Y con la llegada de la democracia se firmaron en 1979 los Acuerdos entre el Estado español y la Santa Sede, y en el Acuerdo sobre asuntos jurídicos  y en su artículo III se especifica: “El Estado reconoce como días festivos todos los domingos. De común acuerdo se determinará qué otras festividades religiosas son reconocidas como días festivos.” Acuerdos que en estos 38 años ningún gobierno se ha atrevido a denunciar. Ya va siendo hora. Y si algún gobierno, como el Ayuntamiento de Zaragoza, muestra algún intento de defender la laicidad, se ve sometido a ataques furibundos por tierra, mar y aíre. Y así,  todavía hoy, en 2017, todos los zaragozanos o visitantes de cualquier índole y condición nos vemos obligados, si tenemos la costumbre de transitar por los aledaños de la Plaza del Pilar, a escuchar desde sonoros altavoces a las 12 de la mañana una versión grabada por el coro de los Infanticos del Pilar. Se trata de un himno a la Virgen  del Pilar, que conmemora su ‘aparición’ en Zaragoza en el año 40 d.C. y se compone de cuatro versos: “Bendita y alabada sea la hora, en que María Santísima, vino en carne mortal a Zaragoza, por siempre sea bendita y alabada”. Un buen amigo me ha dicho en repetidas ocasiones con cierta sorna, que le dan ganas de alquilar un piso en la Plaza del Pilar y desde un balcón poner a plena voz el himno de  la Internacional a la misma hora. ¿Cuántas veces podría hacerlo? Ustedes mismos.

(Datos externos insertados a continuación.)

Lemma L2_bounded f k : measurable_fun (@I01 R) f ->
  (forall x, I01 x -> `|f x| <= k) -> L2 f.
Proof.
move=> mf fk; split => //.
apply: (@le_lt_trans _ _ (\int[mu]_(x in @I01 R) (k ^+ 2)%:E)%E).
  apply: ge0_le_integral => //.
  - exact: measurable_I01.
  - by move=> x _; rewrite lee_fin sqr_ge0.
  - by apply/measurable_EFinP; apply: measurable_funM.
  - move=> x Ix; rewrite lee_fin -[f x ^+ 2]real_normK ?num_real //.
    by rewrite lerXn2r ?nnegrE ?(le_trans _ (fk x Ix)).
by rewrite integral_cst_I01 ltry.
Qed.

Lemma L2_cst k : L2 (fun _ : R => k).
Proof. by apply: (@L2_bounded _ `|k|) => //; exact: measurable_cst. Qed.

Lemma L2_integrable f : L2 f -> mu.-integrable (@I01 R) (EFin \o f).
Proof.
move=> [mf hf].
have i2 : mu.-integrable (@I01 R) (EFin \o (fun x => f x ^+ 2)).
  apply/integrableP; split; first by apply/measurable_EFinP; exact: measurable_funM.
  by under eq_integral do rewrite /= ger0_norm ?sqr_ge0//.
apply: (le_integrable _ _ _ (integrableD _ (integrable_cst_I01 1) i2)).
- exact: measurable_I01.
- exact/measurable_EFinP.
2: exact: measurable_I01.
move=> y _ /=; rewrite lee_fin (le_trans _ (ler_norm _)) //.
rewrite -[f y ^+ 2]real_normK ?num_real //.
have := normr_ge0 (f y); nra.
Qed.

Definition proj01 y : R := if y < 0 then 0 else if 1 < y then 1 else y.

Lemma proj01_I01 y : I01 (proj01 y).
Proof.
rewrite /proj01; case: ltP => y0; last case: ltP => y1; apply: I01_itv; lra.
Qed.

Lemma proj01_id y : I01 y -> proj01 y = y.
Proof. by move=> /I01_bounds/andP[y0 y1]; rewrite /proj01 ltNge y0 /= ltNge y1. Qed.

Lemma proj01_1lipschitz y z : `|proj01 y - proj01 z| <= `|y - z|.
Proof.
have N1 : y - z <= `|y - z| by exact: ler_norm.
have N2 : - (y - z) <= `|y - z| by rewrite -normrN; exact: ler_norm.
rewrite ler_norml /proj01.
by case: ltP => h1; case: ltP => h2; try case: ltP => h3; try case: ltP => h4;
  apply/andP; split; lra.
Qed.

Lemma lipschitz_continuous g k :
  (forall y z, `|g y - g z| <= k * `|y - z|) -> continuous g.
Proof.
move=> gk y; apply/cvgrPdist_lt => e e0.
have k1 : 0 < `|k| + 1 by rewrite ltr_pwDr ?normr_ge0.
near=> z; apply: le_lt_trans (gk y z) _.
apply: (@le_lt_trans _ _ ((`|k| + 1) * `|y - z|)).
  by rewrite ler_wpM2r // (le_trans (ler_norm _)) // lerDl.
rewrite -ltr_pdivlMl //; near: z; apply/nbhs_ballP.
exists ((`|k| + 1)^-1 * e); first by rewrite /= mulr_gt0 ?invr_gt0.
by move=> z; rewrite /ball /= mulrC.
Unshelve. all: by end_near.
Qed.

(* A function that is Lipschitz on [0,1] agrees there with the globally
   Lipschitz function [g \o proj01]. *)
Lemma lipschitz_measurable_I01 g k :
  (forall y z, I01 y -> I01 z -> `|g y - g z| <= k * `|y - z|) ->
  0 <= k -> measurable_fun (@I01 R) g.
Proof.
move=> gk k0.
have cg : continuous (g \o proj01).
  apply: (@lipschitz_continuous _ k) => y z /=.
  apply: le_trans (gk _ _ (proj01_I01 y) (proj01_I01 z)) _.
  by rewrite ler_wpM2l // proj01_1lipschitz.
apply: (eq_measurable_fun (g \o proj01)).
  by move=> y /set_mem Iy /=; rewrite proj01_id.
exact: measurable_funS (continuous_measurable_fun cg).
Qed.

Lemma L2_sqr_integral_ge f (u v B : R) (N : set R) :
  L2 f -> mu.-negligible N -> 0 <= B -> 0 <= u -> u <= v -> v <= 1 ->
  (forall x, u <= x <= v -> ~ N x -> B <= f x ^+ 2) ->
  B * (v - u) <= Rintegral mu (@I01 R) (fun x => f x ^+ 2).
Proof.
move=> [mf hf] [A [mA A0 NA]] B0 u0 uv v1 fB.
have mf2 : measurable_fun (@I01 R) (EFin \o (fun x => f x ^+ 2)).
  by apply/measurable_EFinP; exact: measurable_funM.
have sqr_ge0E x : (0 <= (f x ^+ 2)%:E)%E by rewrite lee_fin sqr_ge0.
have JI : `[u, v] `<=` @I01 R.
  by move=> x; rewrite /= in_itv /= => /andP[? ?]; apply: I01_itv; lra.
have int_cst : (\int[mu]_(x in `[u, v]) B%:E = (B * (v - u))%:E)%E.
  have muJ : mu `[u, v] = (v - u)%:E.
    rewrite lebesgue_measure_itv /= lte_fin.
    have [_|] := ltP u v; first by rewrite -EFinD.
    move=> vu; have -> : v = u by apply/eqP; rewrite eq_le uv vu.
    by rewrite subrr.
  rewrite integral_cst; last exact: measurable_itv.
  by set m := (X in (_ * X)%E); have -> : m = (v - u)%:E by exact: muJ.
have le_sub : (\int[mu]_(x in `[u, v]) (f x ^+ 2)%:E <=
                \int[mu]_(x in @I01 R) (f x ^+ 2)%:E)%E.
  by apply: ge0_subset_integral => //; exact: measurable_itv.
rewrite /Rintegral -lee_fin fineK; last by rewrite ge0_fin_numE ?integral_ge0.
apply: (le_trans _ le_sub); rewrite -int_cst.
apply: ae_ge0_le_integral.
- exact: measurable_itv.
- by move=> x _; rewrite lee_fin.
- exact: measurable_cst.
- by move=> x _.
- exact: (measurable_funS measurable_I01 JI mf2).
exists A; split => // x /= hx; apply: NA; apply: contrapT => Nx; apply: hx => /= Jx.
by rewrite lee_fin; apply: fB.
Qed.

Lemma L2_sqr_integral_ge_mul f e (u v c q : R) (N : set R) :
  L2 f -> mu.-negligible N -> 0 <= c -> 0 < q -> 0 <= u -> u <= v -> v <= 1 ->
  (forall x, u <= x <= v -> `|e x| <= q) ->
  (forall x, u <= x <= v -> ~ N x -> c <= `|f x * e x|) ->
  (c / q) ^+ 2 * (v - u) <= Rintegral mu (@I01 R) (fun x => f x ^+ 2).
Proof.
move=> Lf hN c0 q0 u0 uv v1 e_le fe.
apply: (L2_sqr_integral_ge Lf hN) => // [|x uxv Nx]; first exact: sqr_ge0.
have cq0 : 0 <= c / q by rewrite divr_ge0 // ltW.
rewrite -[f x ^+ 2]real_normK ?num_real // lerXn2r ?nnegrE //.
rewrite ler_pdivrMr //; apply: le_trans (fe x uxv Nx) _.
by rewrite normrM ler_wpM2l ?normr_ge0 ?e_le.
Qed.

Definition step_at (a x : R) : R := if a < x then 1 else 0.

Lemma L2_step_at (a : R) : L2 (step_at a).
Proof.
apply: (@L2_bounded _ 1) => [|x _]; last by rewrite /step_at; case: ltP; rewrite ?normr1 ?normr0.
apply: (eq_measurable_fun (\1_(`]a, +oo[%classic) : R -> R)).
  move=> x _; rewrite /step_at indicE; case: ltP => h.
    by rewrite mem_set //= in_itv /= h.
  by rewrite memNset //= in_itv /= andbT ltNge h.
exact: (measurable_indic (measurable_itv _)).
Qed.

End UnitInterval.

Definition graphon_op (R : realType) (w : R -> R -> R) (f : R -> R) (x : R) : R :=
  Rintegral mu (@I01 R) (fun y => w x y * f y).

Section GraphonOperator.
Variables (R : realType) (w : R -> R -> R).
Hypotheses (w_graphon : graphon w) (w_A1 : A1 w).
Implicit Types (f : R -> R) (a x y : R).

Lemma measurable_graphon_section x : I01 x -> measurable_fun (@I01 R) (w x).
Proof.
have [K [K0 wK]] := w_A1 => Ix.
apply: (@lipschitz_measurable_I01 _ _ K) => [y z Iy Iz|]; last exact: ltW.
by apply: le_trans (wK _ _ _ _ Ix Iy Ix Iz) _; rewrite subrr normr0 add0r.
Qed.

Lemma integrable_graphon_sectionM x f : I01 x -> L2 f ->
  mu.-integrable (@I01 R) (EFin \o (fun y => w x y * f y)).
Proof.
move=> Ix Lf; apply: (le_integrable _ _ _ (L2_integrable Lf)).
- exact: measurable_I01.
- apply/measurable_EFinP; apply: measurable_funM; last by case: Lf.
  exact: measurable_graphon_section.
move=> y Iy /=; rewrite lee_fin normrM.
have /andP[w0 w1] := w_graphon.1 x y Ix Iy.
by rewrite ger0_norm // ler_piMl.
Qed.

Lemma degree_graphon_op x : degree w x = graphon_op w (fun=> 1) x.
Proof. by rewrite /degree /graphon_op; under [RHS]eq_Rintegral do rewrite mulr1. Qed.

Lemma glap_graphon_op f x : I01 x -> L2 f ->
  glap w f x = f x * degree w x - graphon_op w f x.
Proof.
move=> Ix Lf.
have iw : mu.-integrable (@I01 R) (EFin \o w x).
  apply: (eq_integrable _ _ _ _ (integrable_graphon_sectionM Ix (L2_cst 1))).
  - exact: measurable_I01.
  - by move=> y _ /=; rewrite mulr1.
rewrite /glap /graphon_op /degree.
under eq_Rintegral do rewrite mulrBr.
rewrite RintegralB.
- by rewrite RintegralZr ?[_ * f x]mulrC //; exact: measurable_I01.
- exact: measurable_I01.
- exact: integrableMr_I01.
- exact: integrable_graphon_sectionM.
Qed.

Por ende, me parecen muy oportunas y plenamente vigentes las palabras del conde de Romanones: “Para el gobernante, pocas cosas hay más difíciles y delicadas que cuanto atañe a las relaciones con la Iglesia, terreno muy propenso a resbalarse. Para recorrerlo, toda precaución es poca. Unas páginas que contuvieran las reglas del buen vivir con la Iglesia serían utilísimas. Mas, ¡cuán difícil escribirlas! No se olvide que la Iglesia se declara “per se sufficiens”. Esto no obsta para afirmar que también el Estado es “sufficiens per se”.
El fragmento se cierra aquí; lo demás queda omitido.